**GOAL OF THE EXERCISE:**
In the data that follows, find the line with "(* When the"; transcribe it, every later line up to the one with "rewrite /weight_factor (bigD1", and that line as well, exactly and with no others.
Start of DATASET EXCERPTS
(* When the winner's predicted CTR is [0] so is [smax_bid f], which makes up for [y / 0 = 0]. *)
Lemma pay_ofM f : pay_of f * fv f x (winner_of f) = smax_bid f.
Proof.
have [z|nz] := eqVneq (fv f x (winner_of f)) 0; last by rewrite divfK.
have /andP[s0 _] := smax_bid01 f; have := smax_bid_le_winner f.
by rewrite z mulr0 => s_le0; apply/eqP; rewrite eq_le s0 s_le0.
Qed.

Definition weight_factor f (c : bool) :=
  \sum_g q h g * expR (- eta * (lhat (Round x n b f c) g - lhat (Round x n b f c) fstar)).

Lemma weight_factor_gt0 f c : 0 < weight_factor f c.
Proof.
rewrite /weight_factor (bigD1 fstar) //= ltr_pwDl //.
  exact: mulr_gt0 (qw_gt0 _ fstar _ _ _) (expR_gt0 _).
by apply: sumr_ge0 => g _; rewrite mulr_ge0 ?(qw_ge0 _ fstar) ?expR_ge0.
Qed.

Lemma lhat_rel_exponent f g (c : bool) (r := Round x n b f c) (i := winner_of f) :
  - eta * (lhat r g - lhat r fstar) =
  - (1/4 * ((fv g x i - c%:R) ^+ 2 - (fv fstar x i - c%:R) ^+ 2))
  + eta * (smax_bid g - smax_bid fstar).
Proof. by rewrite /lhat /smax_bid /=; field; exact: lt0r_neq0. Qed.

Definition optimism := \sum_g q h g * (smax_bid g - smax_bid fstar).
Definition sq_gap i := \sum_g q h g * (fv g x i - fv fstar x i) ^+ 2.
End of DATASET EXCERPTS
Start of DATASET EXCERPTS
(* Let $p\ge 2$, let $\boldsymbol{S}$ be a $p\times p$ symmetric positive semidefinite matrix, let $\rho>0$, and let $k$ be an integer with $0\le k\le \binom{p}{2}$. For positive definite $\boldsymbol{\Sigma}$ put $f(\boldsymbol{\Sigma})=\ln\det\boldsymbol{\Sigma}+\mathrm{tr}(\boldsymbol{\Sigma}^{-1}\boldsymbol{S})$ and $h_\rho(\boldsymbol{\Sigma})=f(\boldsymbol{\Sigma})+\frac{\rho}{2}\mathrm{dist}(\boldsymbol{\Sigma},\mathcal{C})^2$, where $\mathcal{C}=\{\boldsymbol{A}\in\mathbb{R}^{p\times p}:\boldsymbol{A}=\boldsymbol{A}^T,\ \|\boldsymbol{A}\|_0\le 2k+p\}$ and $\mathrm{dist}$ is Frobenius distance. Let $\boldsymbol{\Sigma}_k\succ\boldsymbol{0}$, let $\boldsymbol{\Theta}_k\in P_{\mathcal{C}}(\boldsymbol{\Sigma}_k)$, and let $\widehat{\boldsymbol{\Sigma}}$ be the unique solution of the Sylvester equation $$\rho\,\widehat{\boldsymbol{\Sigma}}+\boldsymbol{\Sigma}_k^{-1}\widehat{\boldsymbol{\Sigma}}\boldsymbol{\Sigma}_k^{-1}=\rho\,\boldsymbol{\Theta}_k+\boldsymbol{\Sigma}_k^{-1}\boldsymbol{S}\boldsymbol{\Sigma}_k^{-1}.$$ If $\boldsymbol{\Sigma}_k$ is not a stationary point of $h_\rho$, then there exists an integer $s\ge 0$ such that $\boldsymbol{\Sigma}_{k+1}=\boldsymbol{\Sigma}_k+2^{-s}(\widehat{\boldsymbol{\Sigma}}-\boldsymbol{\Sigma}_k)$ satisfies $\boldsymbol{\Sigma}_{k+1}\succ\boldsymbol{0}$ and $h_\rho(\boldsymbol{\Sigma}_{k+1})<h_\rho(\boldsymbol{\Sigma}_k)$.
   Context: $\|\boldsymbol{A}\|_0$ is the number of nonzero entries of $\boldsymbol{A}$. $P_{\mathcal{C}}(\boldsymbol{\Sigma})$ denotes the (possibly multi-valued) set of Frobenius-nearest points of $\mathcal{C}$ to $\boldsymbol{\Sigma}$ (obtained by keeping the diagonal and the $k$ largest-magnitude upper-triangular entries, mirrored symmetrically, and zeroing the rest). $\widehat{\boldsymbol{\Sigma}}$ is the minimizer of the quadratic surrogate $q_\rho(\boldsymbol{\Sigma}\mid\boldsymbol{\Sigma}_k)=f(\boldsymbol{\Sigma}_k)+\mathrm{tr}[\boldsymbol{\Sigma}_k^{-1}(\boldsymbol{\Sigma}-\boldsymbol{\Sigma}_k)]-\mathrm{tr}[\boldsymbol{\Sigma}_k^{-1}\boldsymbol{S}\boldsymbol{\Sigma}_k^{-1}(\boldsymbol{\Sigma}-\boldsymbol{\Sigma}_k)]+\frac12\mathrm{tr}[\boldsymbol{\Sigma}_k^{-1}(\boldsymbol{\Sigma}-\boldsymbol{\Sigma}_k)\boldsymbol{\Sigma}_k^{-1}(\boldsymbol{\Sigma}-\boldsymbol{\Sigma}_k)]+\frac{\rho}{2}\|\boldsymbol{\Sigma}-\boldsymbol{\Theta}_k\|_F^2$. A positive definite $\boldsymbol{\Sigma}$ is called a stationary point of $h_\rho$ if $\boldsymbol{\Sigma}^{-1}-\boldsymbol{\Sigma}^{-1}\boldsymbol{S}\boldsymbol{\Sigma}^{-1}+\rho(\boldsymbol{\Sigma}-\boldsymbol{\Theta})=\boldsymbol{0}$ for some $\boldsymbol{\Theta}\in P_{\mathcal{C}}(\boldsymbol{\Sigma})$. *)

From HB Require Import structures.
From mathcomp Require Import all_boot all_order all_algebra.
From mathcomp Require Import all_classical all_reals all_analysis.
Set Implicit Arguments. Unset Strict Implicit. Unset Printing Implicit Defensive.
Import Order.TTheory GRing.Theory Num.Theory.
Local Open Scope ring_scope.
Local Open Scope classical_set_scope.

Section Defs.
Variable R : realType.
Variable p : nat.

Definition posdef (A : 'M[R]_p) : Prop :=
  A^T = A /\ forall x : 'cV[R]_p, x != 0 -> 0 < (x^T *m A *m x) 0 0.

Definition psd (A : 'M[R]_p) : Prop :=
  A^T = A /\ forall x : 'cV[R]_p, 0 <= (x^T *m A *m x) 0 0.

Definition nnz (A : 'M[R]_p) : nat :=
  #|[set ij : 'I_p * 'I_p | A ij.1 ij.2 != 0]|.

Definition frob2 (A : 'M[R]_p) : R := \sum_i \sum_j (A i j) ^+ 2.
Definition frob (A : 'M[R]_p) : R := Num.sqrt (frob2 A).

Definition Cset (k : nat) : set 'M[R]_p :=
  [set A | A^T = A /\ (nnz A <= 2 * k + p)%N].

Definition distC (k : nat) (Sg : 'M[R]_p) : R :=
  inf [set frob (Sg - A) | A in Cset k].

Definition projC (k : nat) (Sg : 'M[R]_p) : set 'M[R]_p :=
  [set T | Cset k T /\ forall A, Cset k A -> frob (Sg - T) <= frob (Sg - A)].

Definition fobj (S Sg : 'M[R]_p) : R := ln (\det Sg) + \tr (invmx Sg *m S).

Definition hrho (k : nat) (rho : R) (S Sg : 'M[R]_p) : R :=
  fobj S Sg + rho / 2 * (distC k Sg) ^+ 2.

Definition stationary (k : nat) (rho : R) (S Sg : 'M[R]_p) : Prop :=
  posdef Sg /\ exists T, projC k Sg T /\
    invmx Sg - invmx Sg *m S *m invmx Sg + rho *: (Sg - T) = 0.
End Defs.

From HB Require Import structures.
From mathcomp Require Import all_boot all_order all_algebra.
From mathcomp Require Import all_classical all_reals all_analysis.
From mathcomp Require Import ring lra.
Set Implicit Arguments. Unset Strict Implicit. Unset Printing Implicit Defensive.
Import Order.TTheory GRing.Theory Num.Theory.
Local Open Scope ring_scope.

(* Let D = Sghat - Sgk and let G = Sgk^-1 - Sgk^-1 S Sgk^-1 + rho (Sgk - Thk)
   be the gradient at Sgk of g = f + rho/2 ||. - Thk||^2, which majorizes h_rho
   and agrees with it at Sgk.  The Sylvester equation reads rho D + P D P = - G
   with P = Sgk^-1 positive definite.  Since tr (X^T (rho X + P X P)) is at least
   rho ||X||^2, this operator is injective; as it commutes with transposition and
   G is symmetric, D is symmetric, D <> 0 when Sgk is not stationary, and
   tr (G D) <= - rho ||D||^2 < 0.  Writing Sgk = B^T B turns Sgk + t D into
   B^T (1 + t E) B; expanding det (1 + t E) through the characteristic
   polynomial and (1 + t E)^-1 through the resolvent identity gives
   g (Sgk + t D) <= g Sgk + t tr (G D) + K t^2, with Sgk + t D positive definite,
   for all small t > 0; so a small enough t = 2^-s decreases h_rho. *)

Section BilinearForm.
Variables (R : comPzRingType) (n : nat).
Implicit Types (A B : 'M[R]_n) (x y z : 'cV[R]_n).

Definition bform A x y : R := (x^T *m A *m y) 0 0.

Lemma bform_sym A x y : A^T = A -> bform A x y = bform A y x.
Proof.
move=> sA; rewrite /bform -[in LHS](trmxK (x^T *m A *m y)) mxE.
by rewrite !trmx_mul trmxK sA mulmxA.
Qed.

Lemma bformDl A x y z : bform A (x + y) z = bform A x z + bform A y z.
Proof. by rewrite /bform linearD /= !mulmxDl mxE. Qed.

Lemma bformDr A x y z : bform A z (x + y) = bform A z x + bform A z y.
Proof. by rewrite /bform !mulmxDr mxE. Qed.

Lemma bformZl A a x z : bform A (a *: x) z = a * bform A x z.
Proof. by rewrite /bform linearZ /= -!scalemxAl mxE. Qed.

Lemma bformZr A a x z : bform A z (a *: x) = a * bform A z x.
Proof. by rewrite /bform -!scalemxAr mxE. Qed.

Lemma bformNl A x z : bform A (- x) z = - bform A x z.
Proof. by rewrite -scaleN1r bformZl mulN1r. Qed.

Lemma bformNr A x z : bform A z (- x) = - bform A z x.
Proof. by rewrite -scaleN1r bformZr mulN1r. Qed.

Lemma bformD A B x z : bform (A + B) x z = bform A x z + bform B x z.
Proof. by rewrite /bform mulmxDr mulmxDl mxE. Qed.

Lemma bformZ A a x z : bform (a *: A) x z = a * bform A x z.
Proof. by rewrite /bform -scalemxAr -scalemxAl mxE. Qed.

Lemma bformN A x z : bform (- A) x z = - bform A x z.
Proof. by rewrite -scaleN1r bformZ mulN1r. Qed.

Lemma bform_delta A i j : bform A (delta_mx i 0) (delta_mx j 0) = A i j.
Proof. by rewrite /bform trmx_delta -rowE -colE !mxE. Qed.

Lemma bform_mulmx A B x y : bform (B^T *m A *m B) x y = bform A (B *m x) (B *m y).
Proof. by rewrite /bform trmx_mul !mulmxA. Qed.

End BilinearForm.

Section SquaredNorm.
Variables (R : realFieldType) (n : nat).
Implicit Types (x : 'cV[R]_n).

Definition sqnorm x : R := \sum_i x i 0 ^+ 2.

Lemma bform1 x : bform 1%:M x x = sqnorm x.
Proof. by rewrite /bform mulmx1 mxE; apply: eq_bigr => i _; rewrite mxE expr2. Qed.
End of DATASET EXCERPTS
**RESPONSE TO THIS TASK:**
(* When the winner's predicted CTR is [0] so is [smax_bid f], which makes up for [y / 0 = 0]. *)
Lemma pay_ofM f : pay_of f * fv f x (winner_of f) = smax_bid f.
Proof.
have [z|nz] := eqVneq (fv f x (winner_of f)) 0; last by rewrite divfK.
have /andP[s0 _] := smax_bid01 f; have := smax_bid_le_winner f.
by rewrite z mulr0 => s_le0; apply/eqP; rewrite eq_le s0 s_le0.
Qed.

Definition weight_factor f (c : bool) :=
  \sum_g q h g * expR (- eta * (lhat (Round x n b f c) g - lhat (Round x n b f c) fstar)).

Lemma weight_factor_gt0 f c : 0 < weight_factor f c.
Proof.
rewrite /weight_factor (bigD1 fstar) //= ltr_pwDl //.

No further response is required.